3. Deoxidizer. During the steelmaking process, oxygen is removed from the molten steel, and some ferroalloys can also remove other impurities such as sulfur and nitrogen from the steel. 
4. Alloy additives. According to the composition requirements of the steel grade, alloy elements are added to the steel to improve its properties. 
Zirconium silicide, as a zirconium silicon intermetallic compound, is a type of high-temperature ceramic material with high hardness, high melting point, high conductivity, high thermal conductivity, and excellent thermal shock resistance. Considering the superior physical and chemical properties of zirconium silicon intermetallic compounds, it is a structural material or new engineering material that can be applied to high-temperature corrosive media. 
5. Due to the excellent physical and chemical properties of silicon zirconium intermetallic compounds, ZrSi2 is a structural material or new engineering material that can be used as a high-temperature corrosion medium. 
Research on the Elasticity and Anisotropy of Zirconium Silicide The compound formed between metal and silicon is metal silicide, which can be divided into two categories: 
1. Difficult to melt metal silicides, referring to periodic table IVB, VB, VIB Silicides of group elements, such as titanium silicide, zirconium silicide, tantalum silicide, tungsten silicide, etc., as well as precious and near precious metal silicides, silicides targets, platinum silicides, cobalt silicides, etc., are relatively hard substances with metallic luster, high conductivity, positive resistance humidity coefficient, and magnetism in most cases. Refractory metal silicides have high melting points, hardness, and compressive strength, high temperature creep strength, medium density and tensile strength, and good temperature mechanical properties. The reaction between metals and silicon reduces the activity of metals, so the chemical stability of silicides is quite good. Refractory metal silicides with high silicon content are resistant to room temperature and high temperature. Both corrosiveness and oxidation resistance are good, but the disadvantages of metal silicides are: they are brittle at room temperature and have low impact toughness, Insufficient resistance to thermal shock.

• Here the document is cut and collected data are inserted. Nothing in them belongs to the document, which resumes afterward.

Lemma prim_expr_neq1 (K : nzRingType) p (x : K) i :
  p.-primitive_root x -> (0 < i < p)%N -> x ^+ i != 1.
Proof.
move=> x_prim /andP[i_gt0 ltip]; rewrite -(prim_order_dvd x_prim).
by apply: contraTN ltip => /(dvdn_leq i_gt0); rewrite leqNgt.
Qed.

Lemma poch_prim_neq0 (K : idomainType) p (x : K) n :
  p.-primitive_root x -> (n < p)%N -> poch x x n != 0.
Proof.
move=> x_prim ltnp; apply/prodf_neq0 => i _.
rewrite -exprS subr_eq0 eq_sym (prim_expr_neq1 x_prim) //=.
exact: leq_ltn_trans (ltn_ord i) ltnp.
Qed.

Lemma sum_bin2 a b : (\sum_(i < b) (a + b - i) + 'C(a.+1, 2) = 'C((a + b).+1, 2))%N.
Proof.
elim: b => [|b IHb]; first by rewrite big_ord0 addn0.
rewrite big_ord_recl /= -addnA.
have -> : (\sum_(i < b) (a + b.+1 - bump 0 i) = \sum_(i < b) (a + b - i))%N.
  by apply: eq_bigr => i _; rewrite /bump /=; lia.
by rewrite IHb -addnS binS bin1; lia.
Qed.

Section Telescoping.

Variables (K : fieldType) (p a : nat) (x c d : K).
Hypotheses (x_prim : p.-primitive_root x) (cxa : c * x ^+ a = 1) (dE : d = x ^+ a.+1).

Definition qterm s k := poch c x k * poch d x (k + s) / (poch x x k * poch x x (k + s)).

Definition qsum s := \sum_(k < p - s) qterm s k.

Let x_neq0 : x != 0.
Proof. by rewrite (prim_root_eq0 x_prim) -lt0n (prim_order_gt0 x_prim). Qed.

Let cE : c = (x ^+ a)^-1.
Proof. by rewrite -[c]mulr1 -(divff (expf_neq0 a x_neq0)) mulrA cxa mul1r. Qed.

(* [cert s 0 = 0] and [cert s (p - s.+1) = 0] (there [qterm s] vanishes), so
   [qsum s.+1 = qsum s] by telescoping. *)
Let cert s k := x ^+ (s + a).+1 / (x ^+ (s + a).+1 - 1) * (1 - x ^+ k) * qterm s k.

Lemma qterm_succ_telescope s k : (s + a < p.-1)%N -> (k + s < p.-1)%N ->
  qterm s.+1 k - qterm s k = cert s k.+1 - cert s k.
Proof.
move=> ltsa ltks.
have p_gt0 := prim_order_gt0 x_prim.
have nzA : poch x x k != 0 by apply: (poch_prim_neq0 x_prim); lia.
have nzB : poch x x (k + s) != 0 by apply: (poch_prim_neq0 x_prim); lia.
have nz1 : 1 - x * x ^+ k != 0.
  by rewrite -exprS subr_eq0 eq_sym (prim_expr_neq1 x_prim) //; lia.
have nz2 : 1 - x * x ^+ (k + s) != 0.
  by rewrite -exprS subr_eq0 eq_sym (prim_expr_neq1 x_prim) //; lia.
have nz3 : x ^+ (s + a).+1 - 1 != 0.
  by rewrite subr_eq0 (prim_expr_neq1 x_prim) //; lia.
have nzw : x ^+ a != 0 by rewrite expf_neq0.
rewrite /cert /qterm addnS !pochS cE dE.
rewrite !exprS !exprD in nz1 nz2 nz3 *.
move: nzA nzB; set A := poch x x k; set B := poch x x (k + s).
set A' := poch _ x k; set B' := poch _ x (k + s) => nzA nzB.
field.
by rewrite nzA nzB nz1 nz2 nz3 nzw.
Qed.

Lemma qsum_succ s : (s + a < p.-1)%N -> qsum s.+1 = qsum s.
Proof.
move=> ltsa; have p_gt0 := prim_order_gt0 x_prim.
have lastE : (p - s = (p - s.+1).+1)%N by lia.
have last0 : qterm s (p - s.+1) = 0.
  by rewrite /qterm (@poch_eq0 _ c x _ a) ?mul0r //; lia.
rewrite /qsum lastE big_ord_recr /= last0 addr0.
apply/eqP; rewrite -subr_eq0 -sumrB -(big_mkord xpredT (fun k => qterm s.+1 k - qterm s k)).
rewrite (telescope_sumr_eq (cert s)) //; last first.
  by move=> k /andP[_ ltk]; apply: qterm_succ_telescope; lia.
by rewrite /cert last0 expr0 subrr !mulr0 mul0r subrr.
Qed.

Lemma poch_reflect b : (a + b).+1 = p ->
  poch d x b = \prod_(i < b) (- x ^+ (a + b - i)) * poch x x b.
Proof.
move=> abp; rewrite /poch -big_split /= (reindex_inj rev_ord_inj) /=.
apply: eq_bigr => i _; have ltib := ltn_ord i.
rewrite dE -exprD mulrBr mulr1 mulNr opprK -!exprS -exprD addrC.
have -> : (a.+1 + (b - i.+1) = a + b - i)%N by lia.
have -> : (a + b - i + i.+1 = p)%N by lia.
by rewrite (prim_expr_order x_prim).
Qed.

Lemma qsum_last : odd p -> (a < p)%N -> qsum (p - a.+1) = (-1) ^+ a / x ^+ 'C(a.+1, 2).
Proof.
move=> p_odd ltap; set b := (p - a.+1)%N; have abp : (a + b).+1 = p by lia.
rewrite /qsum (_ : p - b = a.+1)%N; last by lia.
rewrite big_ord_recl big1 ?addr0 => [|k _]; last first.
  rewrite /qterm (@poch_eq0 _ d x _ b) ?mulr0 ?mul0r //; first by rewrite lift0; lia.
  by rewrite dE -exprD addSn abp prim_expr_order.
rewrite /qterm !poch0 !mul1r add0n poch_reflect // mulfK; last first.
  by apply: (poch_prim_neq0 x_prim); lia.
under eq_bigr do rewrite -mulN1r.
rewrite big_split prodr_const card_ord prodrXr /=.
have x_bin2 : x ^+ 'C(p, 2) = 1.
  by rewrite bin2odd // exprM (prim_expr_order x_prim) expr1n.
have -> : x ^+ (\sum_(i < b) (a + b - i)) = (x ^+ 'C(a.+1, 2))^-1.
  apply: (mulIf (expf_neq0 'C(a.+1, 2) x_neq0)); rewrite mulVf ?expf_neq0 //.
  by rewrite -exprD sum_bin2 abp x_bin2.
congr (_ * _); rewrite -signr_odd -[in RHS]signr_odd; congr (_ ^+ _).
by move: (congr1 odd abp); rewrite /= p_odd oddD; case: (odd a); case: (odd b).
Qed.

Lemma qsum_const s : odd p -> (a < p)%N -> (s <= p - a.+1)%N ->
  qsum s = (-1) ^+ a / x ^+ 'C(a.+1, 2).
Proof.
move=> p_odd ltap lesb.
rewrite -qsum_last // -(subKn lesb).
elim: (p - a.+1 - s)%N (leq_subr s (p - a.+1)) => [|t IHt] ltb; first by rewrite subn0.
rewrite -IHt; last by lia.
by rewrite (_ : _ - t = (p - a.+1 - t.+1).+1)%N ?qsum_succ //; lia.
Qed.

End Telescoping.

Lemma size_qint p : (0 < p)%N -> size (qint p) = p.
Proof.
move=> p_gt0; have -> : qint p = \poly_(i < p) 1.
  by rewrite poly_def; apply: eq_bigr => i _; rewrite scale1r.
by rewrite size_poly_eq ?oner_neq0.
Qed.

Definition ev (z : algC) : {rmorphism {poly rat} -> algC} := horner_eval z \o map_poly ratr.

Lemma evX z : ev z 'X = z.
Proof. by rewrite /ev /= horner_evalE map_polyX hornerX. Qed.

Lemma ev_qpoch z A B n : ev z (qpoch A B n) = poch (ev z A) (ev z B) n.
Proof.
rewrite /qpoch rmorph_prod; apply: eq_bigr => i _.
by rewrite rmorphB rmorph1 rmorphM rmorphXn.
Qed.

Definition value_at (z : algC) (f : qfrac) (v : algC) :=
  exists P Q : {poly rat}, [/\ ev z Q != 0, f = pfrac P / pfrac Q & v = ev z P / ev z Q].

Section ValueAt.

Variable z : algC.

Lemma pfrac_neq0 Q : ev z Q != 0 -> pfrac Q != 0.
Proof. by move=> Qz; rewrite /pfrac tofrac_eq0; apply: contraNneq Qz => ->; rewrite rmorph0. Qed.

Lemma value_at_poly P : value_at z (pfrac P) (ev z P).
Proof. by exists P, 1; rewrite /pfrac !rmorph1 !divr1 oner_neq0. Qed.

Lemma value_atD f g u v : value_at z f u -> value_at z g v -> value_at z (f + g) (u + v).
Proof.
move=> [P1 [Q1 [Q1z -> ->]]] [P2 [Q2 [Q2z -> ->]]].
exists (P1 * Q2 + P2 * Q1), (Q1 * Q2).
by rewrite /pfrac !rmorphD !rmorphM /= !addf_div ?mulf_neq0 ?pfrac_neq0.
Qed.

Lemma value_atM f g u v : value_at z f u -> value_at z g v -> value_at z (f * g) (u * v).
Proof.
move=> [P1 [Q1 [Q1z -> ->]]] [P2 [Q2 [Q2z -> ->]]].
by exists (P1 * P2), (Q1 * Q2); rewrite /pfrac !rmorphM /= !mulf_div mulf_neq0.
Qed.

Lemma value_at_sum n (F : nat -> qfrac) (V : nat -> algC) :
  (forall k, (k < n)%N -> value_at z (F k) (V k)) ->
  value_at z (\sum_(k < n) F k) (\sum_(k < n) V k).
Proof.
elim: n => [|n IHn] FV.
  by rewrite !big_ord0 -(rmorph0 (ev z)) -(rmorph0 pfrac); apply: value_at_poly.
rewrite !big_ord_recr; apply: value_atD; last exact: FV.
by apply: IHn => k ltkn; apply: FV; apply: ltnW.
Qed.

Lemma value_at_sign n : value_at z ((-1) ^+ n) ((-1) ^+ n).
Proof. by have := value_at_poly ((-1) ^+ n); rewrite /pfrac !rmorphXn !rmorphN1. Qed.

Lemma value_at_qpowN N : z != 0 -> value_at z (qpow (- N%:Z)) (z ^+ N)^-1.
Proof.
move=> z_neq0; case: N => [|N].
  by rewrite expr0 invr1; have := value_at_poly 1; rewrite /pfrac !rmorph1.
by exists 1, 'X^(N.+1); rewrite /pfrac !rmorph1 rmorphXn evX !div1r expf_neq0.
Qed.

Lemma value_at_signed_qpowN n N : z != 0 ->
  value_at z ((-1) ^+ n * qpow (- N%:Z)) ((-1) ^+ n / z ^+ N).
Proof. by move=> z_neq0; apply: value_atM; [apply: value_at_sign | apply: value_at_qpowN]. Qed.

End ValueAt.

Section PrimitiveRoot.

Variables (p : nat) (z : algC).
Hypotheses (p_prime : prime p) (z_prim : p.-primitive_root z).

Lemma ev_qint : ev z (qint p) = 0.
Proof.
have z_neq1 : z != 1 by rewrite -[z]expr1 (prim_expr_neq1 z_prim) ?prime_gt1.
have : (z - 1) * ev z (qint p) = 0.
  rewrite rmorph_sum; under eq_bigr do rewrite rmorphXn evX.
  by rewrite -subrX1 (prim_expr_order z_prim) subrr.
by move/eqP; rewrite mulf_eq0 subr_eq0 (negbTE z_neq1) => /eqP.
Qed.

Lemma qint_dvdp P : (qint p %| P) = (ev z P == 0).
Proof.
have [pf [Dpf _] pf_dvdp] := minCpolyP z.
have ev_root Q : (ev z Q == 0) = root (map_poly ratr Q) z by [].
have pf_qint : pf %| qint p by rewrite -pf_dvdp -ev_root ev_qint.
have size_pf : size pf = size (qint p).
  rewrite size_qint ?prime_gt0 // -(size_map_poly (ratr : {rmorphism rat -> algC})) -Dpf.
  by rewrite (minCpoly_cyclotomic z_prim) size_cyclotomic totient_prime // prednK ?prime_gt0.
have /eqp_dvdl <- : pf %= qint p by rewrite -dvdp_size_eqp // size_pf.
by rewrite -pf_dvdp ev_root.
Qed.

Lemma coprimep_qint D : ev z D != 0 -> coprimep D (qint p).
Proof.
move=> Dz; have qint_neq0 : qint p != 0.
  by rewrite -size_poly_eq0 size_qint ?prime_gt0 // -lt0n prime_gt0.
have /dvdpP[h qintE] := dvdp_gcdr D (qint p).
have h_neq0 : h != 0 by apply: contraNneq qint_neq0 => h0; rewrite qintE h0 mul0r.
have gz : ev z (gcdp D (qint p)) != 0.
  by apply: contra Dz; rewrite -!qint_dvdp => /dvdp_trans; apply; apply: dvdp_gcdl.
have hz : ev z h == 0.
  by move/eqP: ev_qint; rewrite qintE rmorphM mulf_eq0 (negbTE gz) orbF.
have : h * gcdp D (qint p) %| h * 1 by rewrite -qintE mulr1 qint_dvdp.
by rewrite dvdp_mul2l // dvdp1.
Qed.

Lemma qcong_value_at f g v : value_at z f v -> value_at z g v -> qcong p 1 f g.
Proof.
move=> [P1 [Q1 [Q1z -> ->]]] [P2 [Q2 [Q2z -> /eqP]]].
rewrite eqr_div // -subr_eq0 -!rmorphM -rmorphB -qint_dvdp.
move=> /dvdpP[N NE]; exists N, (Q1 * Q2).
have Q12z : ev z (Q1 * Q2) != 0 by rewrite rmorphM mulf_neq0.
split; last split.
- by apply: contraNneq Q12z => ->; rewrite rmorph0.
- exact: coprimep_qint.
- have [Q1f Q2f] := (pfrac_neq0 Q1z, pfrac_neq0 Q2z).
  rewrite expr1 [qint p * N]mulrC -NE -mulNr (addf_div _ _ Q1f Q2f).
  by rewrite /pfrac rmorphB !rmorphM mulNr.
Qed.

End PrimitiveRoot.

Lemma value_at_summand p m r s k z : p.-primitive_root (z ^+ m) -> (k + s < p)%N ->
  value_at z (summand m r s k) (qterm (z ^+ m) (z ^+ r) (z ^+ (m - r)) s k).
Proof.
move=> x_prim ltksp.
exists (qpoch 'X^r 'X^m k * qpoch 'X^(m - r) 'X^m (k + s)),
       (qpoch 'X^m 'X^m k * qpoch 'X^m 'X^m (k + s)).
rewrite /qterm !rmorphM !ev_qpoch !rmorphXn !evX; split=> //.
by rewrite mulf_neq0 // (poch_prim_neq0 x_prim) //; apply: leq_ltn_trans ltksp; rewrite leq_addr.
Qed.

Lemma eqn_modMl_coprime p k i j : coprime p k ->
  (k * i == k * j %[mod p])%N = (i == j %[mod p])%N.
Proof.
move=> co_pk; wlog le_ji : i j / (j <= i)%N.
  by move=> IH; case/orP: (leq_total j i) => /IH //; rewrite eq_sym => ->; rewrite eq_sym.
by rewrite !eqn_mod_dvd ?leq_mul2l ?le_ji ?orbT // -mulnBr Gauss_dvdr.
Qed.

The physical and chemical properties of metal silicides make them versatile. Firstly, silicides have great potential as high-temperature structural materials in aviation, aerospace, and chemical industries. They have been widely studied and applied as high-temperature anti-oxidation coatings, magnetic materials, integrated circuit electrode films, and other functional materials. For example, Fe2Si ordered alloys have excellent soft magnetic properties and are widely used as magnetic head materials for audio, video, and card readers; Silicides have been introduced into V2Si, CoSi2, and Mo2Si. Due to their excellent conductivity, V2Si is a discovered superconducting A15 phase with a critical transition temperature of 17.1K; MoSi2 is widely used as an electric heating element in high-temperature electric furnaces and as a high-temperature anti-oxidation coating in aerospace due to its excellent conductivity and oxidation resistance. Similarly, metal silicides play a very important role in electronic device manufacturing. Due to the lower resistance of silicides compared to polycrystalline silicon, and the atomically clean interface between silicides and silicon substrates, compatibility is good. In the manufacturing industry of microelectronics, they are widely used as Schottky barriers and interconnect materials.